This guide breaks down the 2026 cost changes, the new drug-pricing rules, and what they mean for a senior care budget.

What Medicare Part B Costs in 2026

Part B covers doctor visits, outpatient care, and many therapies, and its costs went up this year. According to CMS, the standard Part B premium is $202.90 a month in 2026, up from $185.00 in 2025.

The Part B annual deductible also rose, to $283 in 2026 from $257 the year before. Higher-income beneficiaries pay more through income-related surcharges.

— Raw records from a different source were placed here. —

Lemma strategy_value_le_opt S d h : strategy_value n S d h <= opt_value d (size h).
Proof.
elim: d h => [//|d IH] h /=; apply: ler_sum => y _.
case: (S (rcons h y)); first by rewrite le_max lexx.
by have := IH (rcons h y); rewrite size_rcons le_max => ->; rewrite orbT.
Qed.

Definition threshold_decision (r s k y : nat) : bool :=
  ((r < k <= s)%N && (y == 0%N)) || ((s < k)%N && (y <= 1)%N).

Lemma threshold_strategy_rcons r s h y :
  threshold_strategy r s (rcons h y) = threshold_decision r s (size h).+1 y.
Proof. by rewrite /threshold_strategy size_rcons last_rcons. Qed.

Definition bellman_threshold (r s : nat) := forall k y, (0 < k <= n)%N -> (y < k)%N ->
  if threshold_decision r s k y then opt_value (n - k) k <= stop_value n k y
  else stop_value n k y <= opt_value (n - k) k.

Lemma threshold_value r s d h : bellman_threshold r s -> (size h + d = n)%N ->
  strategy_value n (threshold_strategy r s) d h = opt_value d (size h).
Proof.
move=> bellman; elim: d h => [//|d IH] h hd /=; apply: eq_bigr => y _.
have le_hn : ((size h).+1 <= n)%N by rewrite -hd addnS ltnS leq_addr.
have := bellman (size h).+1 y le_hn (ltn_ord y); rewrite threshold_strategy_rcons.
have -> : (n - (size h).+1)%N = d by rewrite -hd addnS subSS addKn.
case: threshold_decision => [/max_idPl|/max_idPr] -> //.
by rewrite IH ?size_rcons ?addSnnS.
Qed.

Lemma expected_payoffE S : expected_payoff n S = strategy_value n S n [::] / n`!%:R.
Proof.
rewrite /expected_payoff -(sum_payoff_from S (m := 0)) ?inE //.
by congr (_ / _); apply: eq_bigr => p _; rewrite hist0 eqxx mul1r payoffE.
Qed.

Lemma threshold_optimal r s S : bellman_threshold r s ->
  expected_payoff n S <= expected_payoff n (threshold_strategy r s).
Proof.
move=> bellman; rewrite !expected_payoffE ler_wpM2r ?invr_ge0 ?ler0n //.
by rewrite threshold_value //; apply: strategy_value_le_opt.
Qed.

End Bellman.

Section TwoThresholds.
Variables (R : realFieldType) (n ka kb : nat) (a b U v : nat -> R).
Hypothesis v_rec : forall k, (1 < k <= n)%N ->
  k%:R * v k.-1 = Num.max (a k) (v k) + Num.max (b k) (v k) + (k - 2)%:R * v k.
Hypothesis U_super : forall k, (ka < k <= n)%N ->
  Num.max (a k) (U k) + Num.max (b k) (U k) + (k - 2)%:R * U k <= k%:R * U k.-1.
Hypothesis v_le_U_n : v n <= U n.
Hypothesis ka_gt0 : (0 < ka)%N.
Hypothesis ka_le_kb : (ka <= kb)%N.
Hypothesis a_incr : forall k, (0 < k < ka)%N -> a k <= a k.+1.
Hypothesis b_incr : forall k, (0 < k < kb)%N -> b k <= b k.+1.
Hypothesis U_le_a : forall k, (ka <= k <= n)%N -> U k <= a k.
Hypothesis U_le_b : forall k, (kb <= k <= n)%N -> U k <= b k.
Hypothesis b_le_a : forall k, (0 < k < ka)%N -> b k <= a k.

Lemma value_le_super k : (ka <= k <= n)%N -> v k <= U k.
Proof.
move=> /andP[le_kak le_kn]; rewrite -(subKn le_kn).
have : (n - k <= n - ka)%N by rewrite leq_sub2l.
elim: (n - k)%N => [|i IH] le_i; first by rewrite subn0.
have lt_i : (ka < n - i <= n)%N by rewrite leq_subr andbT; lia.
have k_gt0 : (0 < (n - i)%:R :> R) by rewrite ltr0n; lia.
rewrite (_ : (n - i.+1 = (n - i).-1)%N); last by lia.
rewrite -(ler_pM2l k_gt0) v_rec; last by rewrite leq_subr andbT; lia.
apply: le_trans (U_super lt_i); have le_vU := IH (ltnW le_i).
by rewrite !lerD ?le_max2 // ler_wpM2l.
Qed.

Lemma value_nonincr k : (1 < k <= n)%N -> v k <= v k.-1.
Proof.
move=> k_range; have k_gt0 : (0 < k%:R :> R) by rewrite ltr0n; lia.
rewrite -(ler_pM2l k_gt0) v_rec //.
have -> : k%:R = (k - 2)%:R + 2 :> R by rewrite -natrD subnK //; lia.
have le_va : v k <= Num.max (a k) (v k) by rewrite le_max lexx orbT.
have le_vb : v k <= Num.max (b k) (v k) by rewrite le_max lexx orbT.
lra.
Qed.

Lemma stop_region_up (c : nat -> R) K : (ka <= K)%N ->
  (forall k, (0 < k < K)%N -> c k <= c k.+1) ->
  (forall k, (K <= k <= n)%N -> U k <= c k) ->
  forall k, (0 < k < n)%N -> v k <= c k -> v k.+1 <= c k.+1.
Proof.
move=> le_kaK c_incr U_le_c k /andP[k_gt0 lt_kn] le_vc; case: (ltnP k K) => [lt_kK|le_Kk].
  apply: le_trans (c_incr _ _); last by rewrite k_gt0.
  by apply: le_trans le_vc; apply: (value_nonincr (k := k.+1)); rewrite ltnS k_gt0.
apply: le_trans (U_le_c _ _); last by rewrite lt_kn (leq_trans le_Kk).
by apply: value_le_super; rewrite lt_kn andbT (leq_trans le_kaK (leqW le_Kk)).
Qed.

Lemma two_thresholds : exists r s, (r <= s <= n)%N /\ forall k, (0 < k <= n)%N ->
  (v k <= a k) = (r < k)%N /\ (v k <= b k) = (s < k)%N.
Proof.
have [r le_rn Er] := upward_closed_threshold (stop_region_up (leqnn ka) a_incr U_le_a).
have [s le_sn Es] := upward_closed_threshold (stop_region_up ka_le_kb b_incr U_le_b).
exists r, s; split=> [|k k_range]; last by rewrite Er ?Es.
rewrite le_sn andbT leqNgt; apply/negP => lt_sr.
have r_range : (0 < r <= n)%N by rewrite le_rn (leq_ltn_trans _ lt_sr).
have := Er r r_range; rewrite ltnn => /negP; apply.
case: (ltnP r ka) => [lt_rka|le_kar].
  by apply: le_trans (b_le_a _); rewrite ?Es ?lt_sr // (leq_ltn_trans _ lt_sr).
by apply: le_trans (U_le_a _); rewrite ?value_le_super ?le_kar.
Qed.

End TwoThresholds.

Definition Ka (n : nat) : nat := n.+1 %/ 3.
Definition Kb (n : nat) : nat := (2 * n + 2) %/ 3.

Lemma Ka_gt0 n : (1 < n)%N -> (0 < Ka n)%N.
Proof. by rewrite /Ka; lia. Qed.

Lemma Ka_le_Kb n : (Ka n <= Kb n)%N.
Proof. by rewrite /Ka /Kb; lia. Qed.

Section Polynomials.
Context {R : realFieldType} (n : nat).
Hypothesis n_gt1 : (1 < n)%N.
Local Notation N := (n%:R : R).

Definition best_reward (k : nat) : R := 10 * k%:R * (N - k%:R) ^+ 2.
Definition second_reward (k : nat) : R := 10 * k%:R * (k%:R - 1) * (N - k%:R).
Definition value_bound (k : nat) : R := (N - k%:R) ^+ 2 * (N + 5 * k%:R).

Lemma best_reward_incr k : (0 < k < Ka n)%N -> best_reward k <= best_reward k.+1.
Proof.
case/andP=> k_gt0 lt_kKa; have : (3 * k + 2 <= n)%N by rewrite /Ka in lt_kKa; lia.
rewrite -(ler_nat R) natrD natrM => le_3k2_N; move: k_gt0; rewrite -(ler_nat R) => k_ge1.
have : 0 <= (N - k%:R - 1 - (2 * k%:R + 1)) * (N - k%:R - 1) by apply: mulr_ge0; lra.
rewrite /best_reward -addn1 natrD; nra.
Qed.

Lemma second_reward_incr k : (0 < k < Kb n)%N -> second_reward k <= second_reward k.+1.
Proof.
case/andP=> k_gt0 lt_kKb; have : (3 * k + 1 <= 2 * n)%N by rewrite /Kb in lt_kKb; lia.
rewrite -(ler_nat R) natrD !natrM => le_3k1_2N.
move: k_gt0; rewrite -(ler_nat R) => k_ge1.
have : 0 <= k%:R * (2 * N - 3 * k%:R - 1) by apply: mulr_ge0; lra.
rewrite /second_reward -addn1 natrD; nra.
Qed.

Lemma second_le_best k : (0 < k < Ka n)%N -> second_reward k <= best_reward k.
Proof.
case/andP=> k_gt0 lt_kKa; have : (3 * k + 2 <= n)%N by rewrite /Ka in lt_kKa; lia.
rewrite -(ler_nat R) natrD natrM => le_3k2_N; move: k_gt0; rewrite -(ler_nat R) => k_ge1.
have : 0 <= 10 * k%:R * (N - k%:R) * (N - 2 * k%:R + 1).
  by apply: mulr_ge0; [apply: mulr_ge0|]; lra.
rewrite /best_reward /second_reward; nra.
Qed.

Lemma value_bound_le_best k : (Ka n <= k <= n)%N -> value_bound k <= best_reward k.
Proof.
case/andP=> le_Kak _; have : (n <= 5 * k)%N by rewrite /Ka in le_Kak; lia.
rewrite -(ler_nat R) natrM => le_N_5k.
have : 0 <= (N - k%:R) ^+ 2 * (5 * k%:R - N) by apply: mulr_ge0; [apply: sqr_ge0|lra].
rewrite /value_bound /best_reward; nra.
Qed.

These increases hit every enrollee, so a senior on a fixed income feels them immediately in the monthly Social Security deposit, where the premium is usually withheld.

Part A, Hospital, and Nursing Costs

Part A covers hospital stays and short-term skilled nursing, and its 2026 figures matter most when a senior needs rehabilitation after a hospital stay.

Hospital deductible: The Part A inpatient deductible is $1,736 per benefit period in 2026. Skilled nursing coinsurance: After a qualifying hospital stay, Medicare covers a skilled nursing facility in full for the first 20 days, then charges a daily coinsurance of $217.00 for days 21 through 100. The 100-day limit: Medicare stops paying for that skilled nursing stay after day 100, which is the cliff families hit when short-term rehab turns into long-term care.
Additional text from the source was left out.